# Electronic – Determining minimum number of NAND/NOR gates required to realize a Boolean expression

boolean-algebralogic-gates

Is there any algorithm to determine the minimum number of NAND or NOR gates with

1. given number of inputs
2. availability / unavailability of complemented input

required for realizing a Boolean expression? We can get an AND-OR form as prime implicants via Karnaugh maps that is minimal (as far as I know, the Quine-McCluskey algorithm obtains them deterministically). Does a similar technique exist for NAND or NOR implementations, too? At least, such technique should determine the required minimum number of NAND/NOR gates even without finding the actual diagram?

Applying De Morgan's law on the prime implicants doesn't seem deterministic,

``````A ⊕ B = A'B + AB' = ((A'B)'(AB')')' [5 NAND gates]
A ⊕ B = (AB + A'B')' = ((ABAB+ABB') + (A'AB+A'B'))' = (AB(AB+B') + A'(AB+B'))' = ((AB+A')(AB+B'))' = (((AB)'A)'((AB)'B)')' [4 NAND gates by reusing (AB)']
``````

You can only find the minimum number of gates in a multi-level network by solving an integer programming problem [or equivalents, see below]. This problem is NP-complete, so only practical to solve up to a dozen gates or so.

There exist approximation methods that won't give you the minimum number but are more tractable in terms of time required... These are a vast topic in themselves, basically the whole field of multi-level optimization. You can read a [free] overview here.
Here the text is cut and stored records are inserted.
Lemma continuous_mdist (x : Y) : continuous (fun y : Y => mdist x y : R^o).
Proof.
move=> y; apply/cvgrPdist_lt => e e0; near=> y'.
have yy' : mdist y y' < e.
  by near: y'; exact: (metricType_numDomainType.cvgr_dist_lt cvg_id).
rewrite ltr_distlC; have := metric_triangle x y y'; have := metric_triangle x y' y.
rewrite [mdist y' y]metric_sym; lra.
Unshelve. all: end_near. Qed.

Lemma compact_mbounded {K} : compact K -> mbounded K.
Proof.
move=> cK; have [->|/set0P[x0 Kx0]] := eqVneq K set0; first by exists 0.
have /compact_bounded[M [_ KM]] :=
  continuous_compact (continuous_subspaceT (continuous_mdist x0)) cK.
have Kx0M x : K x -> mdist x0 x <= M + 1.
  have M1 : M < M + 1 by rewrite ltrDl.
  by move=> Kx; have /= := KM _ M1 _ (imageP _ Kx); rewrite ger0_norm ?mdist_ge0.
exists ((M + 1) + (M + 1)) => x y Kx Ky.
by apply: le_trans (metric_triangle _ x0 _) _; rewrite lerD // ?Kx0M // metric_sym Kx0M.
Qed.

Lemma closed_set_ball {K y} : closed K -> (forall e, 0 < e -> set_ball K e y) -> K y.
Proof.
move=> cK yK; apply: cK => B /metricType_numDomainType.nbhs_mdistP [e /= e0 eB].
by have [xi Kxi yxi] := yK e e0; exists xi; split => //; apply: eB.
Qed.

Lemma closed_mdist_ge (y : Y) (c : R) : closed [set z | c <= mdist y z].
Proof.
move=> z zcl /=; rewrite leNgt; apply/negP => zc.
have zB : nbhs z [set w | mdist z w < c - mdist y z].
  apply/metricType_numDomainType.nbhs_mdistP.
  by exists (c - mdist y z) => /=; rewrite ?subr_gt0.
have [w [/= cw zw]] := zcl _ zB.
have := metric_triangle y z w; lra.
Qed.

Lemma cluster_seqP z p : cluster (z @ \oo) p <->
  forall e, 0 < e -> forall N, exists2 n, (N <= n)%N & mdist p (z n) < e.
Proof.
split=> [zp e e0 N | zp A B [N _ NA] /metricType_numDomainType.nbhs_mdistP [e /= e0 eB]].
  have zN : (z @ \oo) (z @` [set n | (N <= n)%N]) by exists N => // n /= Nn; exists n.
  have pe : nbhs p [set w | mdist p w < e].
    by apply/metricType_numDomainType.nbhs_mdistP; exists e.
  by have [_ [[n Nn <-] pzn]] := zp _ _ zN pe; exists n.
by have [n Nn pzn] := zp e e0 N; exists (z n); split; [exact: NA | exact: eB].
Qed.

Lemma cluster_subseq z p : cluster (z @ \oo) p ->
  exists2 phi, increasing_seq phi & z \o phi @ \oo --> p.
Proof.
move=> /cluster_seqP zp.
have /boolp.choice[g gP] : forall Nj : nat * nat,
    exists n, (Nj.1 <= n)%N /\ mdist p (z n) < Nj.2.+1%:R^-1.
  by move=> [N j]; have [|n] := zp j.+1%:R^-1 _ N; [rewrite invr_gt0 | exists n].
pose fix phi n := g (if n is m.+1 then (phi m).+1 else 0%N, n).
have phiP n : mdist p (z (phi n)) < n.+1%:R^-1.
  by case: n => [|n]; [exact: (gP (0, 0)%N).2 | exact: (gP ((phi n).+1, n.+1)).2].
exists phi; first by apply/increasing_seqP => n; have [] := gP ((phi n).+1, n.+1).
apply/metricType_numDomainType.cvgrPdist_lt => e e0; near=> n.
apply: lt_trans (phiP n) _; near: n; exact: (near_infty_natSinv_lt (PosNum e0)).
Unshelve. all: end_near. Qed.

Lemma compact_cluster {K z} : compact K -> (forall n, K (z n)) ->
  exists2 p, K p & cluster (z @ \oo) p.
Proof.
move=> cK zK; have zK_ev : (z @ \oo) K by exists 0%N => // n _; exact: zK.
by have [p []] := cK _ _ zK_ev; exists p.
Qed.

Lemma compact_approaches_cluster {K z} : compact K -> approaches z K ->
  exists2 p, K p & cluster (z @ \oo) p.
Proof.
move=> cK zK.
have /boolp.choice[g gP] : forall j, exists nxi : nat * Y,
    [/\ (j <= nxi.1)%N, K nxi.2 & mdist (z nxi.1) nxi.2 < j.+1%:R^-1].
  move=> j; have [|N _ NK] := zK j.+1%:R^-1; first by rewrite invr_gt0.
  have [xi Kxi zxi] := NK (maxn N j) (leq_maxl _ _).
  by exists (maxn N j, xi); split => //=; rewrite leq_maxr.
have gK j : K (g j).2 by case: (gP j).
have [p Kp /cluster_seqP xip] := @compact_cluster _ (fun j => (g j).2) cK gK.
exists p => //; apply/cluster_seqP => e e0 N.
have e20 : 0 < e / 2 by rewrite divr_gt0.
have [M _ MP] := near_infty_natSinv_lt (PosNum e20).
have [j /[!geq_max] /andP[Nj Mj] pj] := xip _ e20 (maxn N M).
have [jn _ zj] := gP j; exists (g j).1; first exact: leq_trans jn.
rewrite metric_sym in zj; apply: le_lt_trans (metric_triangle p (g j).2 _) _.
by rewrite [e]splitr ltrD // (lt_trans zj (MP j Mj)).
Qed.

Lemma compact_approaches_subseq {K z} : compact K -> approaches z K ->
  exists2 phi, increasing_seq phi & exists p, K p /\ z \o phi @ \oo --> p.
Proof.
move=> cK /(compact_approaches_cluster cK)[p Kp /cluster_subseq[phi phiP zp]].
by exists phi => //; exists p.
Qed.

Lemma cvg_near_eq_unique z w (p q : Y) : (\forall n \near \oo, z n = w n) ->
  z @ \oo --> p -> w @ \oo --> q -> p = q.
Proof.
move=> zw zp wq; have wp : w @ \oo --> p by exact: cvg_trans (near_eq_cvg zw) zp.
exact: cvg_unique (@metric_hausdorff _ Y) _ _ _ _ wp wq.
Qed.

Lemma diagonal_subseq_nat {K} {z : nat -> nat -> Y} :
  compact K -> (forall j, approaches (z j) K) ->
  exists2 phi, increasing_seq phi & forall j, exists p, K p /\ z j \o phi @ \oo --> p.
Proof.
move=> cK zK.
have /boolp.choice[ext extP] : forall jpsi : nat * (nat -> nat), exists theta,
    increasing_seq jpsi.2 ->
    increasing_seq theta /\ exists p, K p /\ z jpsi.1 \o (jpsi.2 \o theta) @ \oo --> p.
  move=> [j psi]; have [psiP|] := pselect (increasing_seq psi); last by exists id.
  have [theta thetaP zp] := compact_approaches_subseq cK (approaches_subseq psiP (zK j)).
  by exists theta.
pose fix Phi j := if j is i.+1 then Phi i \o ext (i, Phi i) else id.
have PhiP j : increasing_seq (Phi j).
  by elim: j => [//|j IHj]; apply: increasing_seq_comp IHj (extP (j, Phi j) IHj).1.
have Phi_cvg j : exists p, K p /\ z j \o Phi j.+1 @ \oo --> p := (extP (j, Phi j) (PhiP j)).2.
have Phi_tail i j n : (j <= i)%N -> exists2 c, (n <= c)%N & Phi i n = Phi j c.
  elim: i n => [|i IHi] n; first by rewrite leqn0 => /eqP->; exists n.
  rewrite leq_eqVlt ltnS => /orP[/eqP->|ji]; first by exists n.
  have [c thc Phic] := IHi (ext (i, Phi i) n) ji; exists c => //.
  exact/(leq_trans _ thc)/increasing_seq_ge/(extP (i, Phi i) (PhiP i)).1.
exists (fun n => Phi n.+1 n).
  apply/increasing_seqP => n.
  have -> : Phi n.+2 n.+1 = Phi n.+1 (ext (n.+1, Phi n.+1) n.+1) by [].
  rewrite ltEnat /= (increasing_seq_lt (PhiP n.+1)).
  exact/increasing_seq_ge/(extP (n.+1, Phi n.+1) (PhiP n.+1)).1.
move=> j; have [p [Kp zp]] := Phi_cvg j; exists p; split => // V /zp[N _ NV].
exists (maxn N j.+1) => // n Nj_n.
have /andP[Nn jn] : (N <= n)%N && (j < n)%N by rewrite -geq_max.
have [c nc Phic] := Phi_tail n.+1 j.+1 n (leqW jn).
by change (V (z j (Phi n.+1 n))); rewrite Phic; apply/NV/(leq_trans Nn).
Qed.

Lemma diagonal_subseq (J : countType) K (z : J -> nat -> Y) :
  compact K -> (forall j, approaches (z j) K) ->
  exists2 phi, increasing_seq phi & forall j, exists p, K p /\ z j \o phi @ \oo --> p.
Proof.
move=> cK zK; have [[j0 _]|J0] := pselect (exists j : J, True); last first.
  by exists id => // j; case: J0; exists j.
pose w n := z (odflt j0 (unpickle n)).
have [phi phiP wp] := diagonal_subseq_nat cK (fun n => zK _ : approaches (w n) K).
by exists phi => // j; have := wp (pickle j); rewrite /w pickleK.
Qed.

End metric_sequences.

Section admissible_sequences.
Context {R : realType} {I : set nat} {h : nat -> R}.
Hypothesis hI : admissible_seq I h.

Lemma admissible_seq_mem1 : I 1%N.
Proof. by case: hI => [[[N [N2 ->]]|->] _]. Qed.

Lemma admissible_seq_ge0 k : I k -> 0 <= h k.
Proof.
have [Ishape [h0 h_incr]] := hI.
have I_pred i : I i.+1 -> I i by case: Ishape => [[N [_ ->]]|->] //; exact: ltnW.
elim: k => [_|k IHk Ik]; first by rewrite h0.
exact/(le_trans (IHk (I_pred _ Ik)))/ltW/h_incr.
Qed.

End admissible_sequences.

Section uniform_attraction.
Context {R : realType} {X Sigma : metricType R}.
Variable U : Sigma -> R -> R -> X -> X.

Lemma unif_attractingP K : unif_attracting U K <->
  forall C, mbounded C -> forall e, 0 < e -> exists L, forall sigma t tau x,
    L <= t - tau -> C x -> set_ball K e (U sigma t tau x).
Proof.
split=> [KA C bC e e0 | KA C bC e e0].
  have e20 : 0 < e / 2 by rewrite divr_gt0.
  have [L LP] := KA C bC _ e20; exists L => sigma t tau x Lt Cx.
  have dK : (hdelta (U sigma t tau @` C) K <= (e / 2)%:E)%E.
    by apply: le_trans (LP t tau Lt); apply: ereal_sup_ubound; exists sigma.
  have : (ereal_inf [set (mdist (U sigma t tau x) xi)%:E | xi in K] < e%:E)%E.
    apply: le_lt_trans (le_trans (ereal_sup_ubound _) dK) _.
      by exists (U sigma t tau x) => //; exists x.
    by rewrite lte_fin ltr_pdivrMr // ltr_pMr // ltr1n.
  by case/ereal_inf_lt => _ [xi Kxi <-]; rewrite lte_fin; exists xi.
have [L LP] := KA C bC e e0; exists L => t tau Lt.
apply: ge_ereal_sup => _ [sigma _ <-]; apply: ge_ereal_sup => _ [_ [x Cx <-] <-].
have [xi Kxi xxi] := LP sigma t tau x Lt Cx.
apply: ge_ereal_inf; exists (mdist (U sigma t tau x) xi)%:E; first by exists xi.
by rewrite lee_fin ltW.
Qed.

Lemma kernel_section_sub_attracting {K sigma t} :
  closed K -> unif_attracting U K -> kernel_section U sigma t `<=` K.
Proof.
move=> cK /unif_attractingP KA _ [x [xb xtr] <-].
apply: (closed_set_ball cK) => e e0.
have [L LP] := KA _ xb e e0.
have Lt : L <= t - (t - Num.max L 0) by rewrite opprB addrC subrK le_max lexx.
rewrite (xtr t (t - Num.max L 0)) ?gerBl ?le_max ?lexx ?orbT //.
exact: LP Lt (imageT _ _).
Qed.

Lemma unif_attracting_approaches {K C} {sig : nat -> Sigma} {s : nat -> R}
    {x : nat -> X} :
  unif_attracting U K -> mbounded C -> (forall n, C (x n)) ->
  s n @[n --> \oo] --> +oo -> approaches (fun n => U (sig n) (s n) 0 (x n)) K.
Proof.
move=> /unif_attractingP KA bC Cx soo e e0; have [L LP] := KA C bC e e0.
near=> n; apply: LP (Cx n); rewrite subr0; near: n; exact: cvgry_ge.
Unshelve. all: end_near. Qed.

Section translation.
Variable T : R -> Sigma -> Sigma.
Hypothesis U_process : forall sigma, is_process (U sigma).
Hypothesis T_onto : forall s, 0 <= s -> T s @` [set: Sigma] = [set: Sigma].
Hypothesis U_shift : forall sigma s t tau, 0 <= s -> tau <= t ->
  U sigma (s + t) (s + tau) = U (T s sigma) t tau.

Lemma process_shift_origin sigma t tau :
  tau <= t -> exists rho, U sigma t tau = U rho (t - tau) 0.
Proof.
move=> taut; have [tau0|tau0] := leP 0 tau.
  by exists (T tau sigma); rewrite -U_shift ?subr_ge0 // addr0 addrC subrK.
have Ntau0 : 0 <= - tau by rewrite oppr_ge0 ltW.
have [rho _ <-] : range (T (- tau)) sigma by rewrite T_onto.
by exists rho; rewrite -(U_shift _ _ _ _ Ntau0 taut) addNr addrC.
Qed.

Lemma attractor_approx {A y} : is_unif_global_attractor U A -> A y ->
  forall e L, 0 < e -> exists sigma x t,
    [/\ set_ball A 1 x, L <= t & mdist y (U sigma t 0 x) < e].
Proof.
move=> [cA /unif_attractingP AA Amin] Ay e L0 e0; apply: contrapT => far.
have {}far sigma x t : set_ball A 1 x -> L0 <= t -> e <= mdist y (U sigma t 0 x).
  by move=> Ax Lt; rewrite leNgt; apply/negP => close; apply: far; exists sigma, x, t.
(* Otherwise [A] minus a neighbourhood of [y] would be a smaller compact attracting set. *)
pose A' := A `&` [set z | e / 2 <= mdist y z].
have cA' : compact A' by exact/compact_closedI/closed_mdist_ge.
suff /(Amin _ cA')/(_ y Ay)[_] : unif_attracting U A' by rewrite /= mdistxx; lra.
apply/unif_attractingP => C bC e' e'0.
have e'' : 0 < Num.min e' (e / 2) by rewrite lt_min e'0 divr_gt0.
have [L1 L1P] := AA C bC 1 ltr01.
have [L2 L2P] := AA _ (set_ball_mbounded 1 (compact_mbounded cA)) _ e''.
pose M1 := Num.max L1 0; pose M2 := Num.max (Num.max L2 L0) 0.
have [M1L1 M10] : L1 <= M1 /\ 0 <= M1 by rewrite !le_max !lexx orbT.
have [M2L2 M2L0 M20] : [/\ L2 <= M2, L0 <= M2 & 0 <= M2] by rewrite !le_max !lexx !orbT.
exists (M1 + M2) => sigma t tau x Lt Cx.
have taus : tau <= tau + M1 by rewrite lerDl.
have st : tau + M1 <= t by lra.
rewrite ((U_process sigma).2 _ _ _ st taus) /=.
have [rho ->] := process_shift_origin sigma _ _ st.
have Bx : set_ball A 1 (U sigma (tau + M1) tau x) by apply: L1P => //; lra.
have far_x := far rho _ (t - (tau + M1)) Bx ltac:(lra).
have [xi Axi close] := L2P rho (t - (tau + M1)) 0 _ ltac:(lra) Bx.
have [min_e' min_e] : Num.min e' (e / 2) <= e' /\ Num.min e' (e / 2) <= e / 2.
  by rewrite !ge_min !lexx orbT.
exists xi; last by lra.
split => //=; move: far_x close; set u := U rho _ 0 _.
have := metric_triangle y xi u; rewrite [mdist u xi]metric_sym; lra.
Qed.

Hypothesis T_semigroup : is_semigroup T.

Lemma semigroupD h1 h2 sigma :
  0 <= h1 -> 0 <= h2 -> T h1 (T h2 sigma) = T (h1 + h2) sigma.
Proof. by move=> h10 h20; rewrite T_semigroup.2. Qed.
For small networks of NAND (up to 4 variables), the problem has been completely solved by exhaustive enumeration [or equivalent methods]. There's a fairly recent  PhD thesis by Elizabeth Ann Ernst that summarizes the ancient results and extends them. Ernst uses branch-and-bound, which improves upon the exhaustive method in practice, but not asymptotically. She also notes that other implicit enumeration methods like integer programming or CSP (constraint satisfaction, solved via SAT) perform worse in practice.

She obviously wrote some software for her method (called BESS), but I'm not sure if it's publicly available somewhere. Full text of her thesis is freely available at umich. And indeed you found the minimal expression for 2-input xor (your 2nd one obviously), the one highlighted below: She also compared the exact results (for NANDs) with those produced by the heuristic optimizer from ABC.

ABC was able to produce an optimal network for 340 out of 4,043 functions where the optimal network is known. For those functions where ABC did not produce an optimal network it was an average of 36% larger than the optimal network[.]

There (obviously) some [larger] networks for which BESS didn't finish, but allowed an upper bound to be found (at the point where the search was abandoned). For those ABC did quite well [well with respect to the bounds found], as you can see from the 2nd graph below.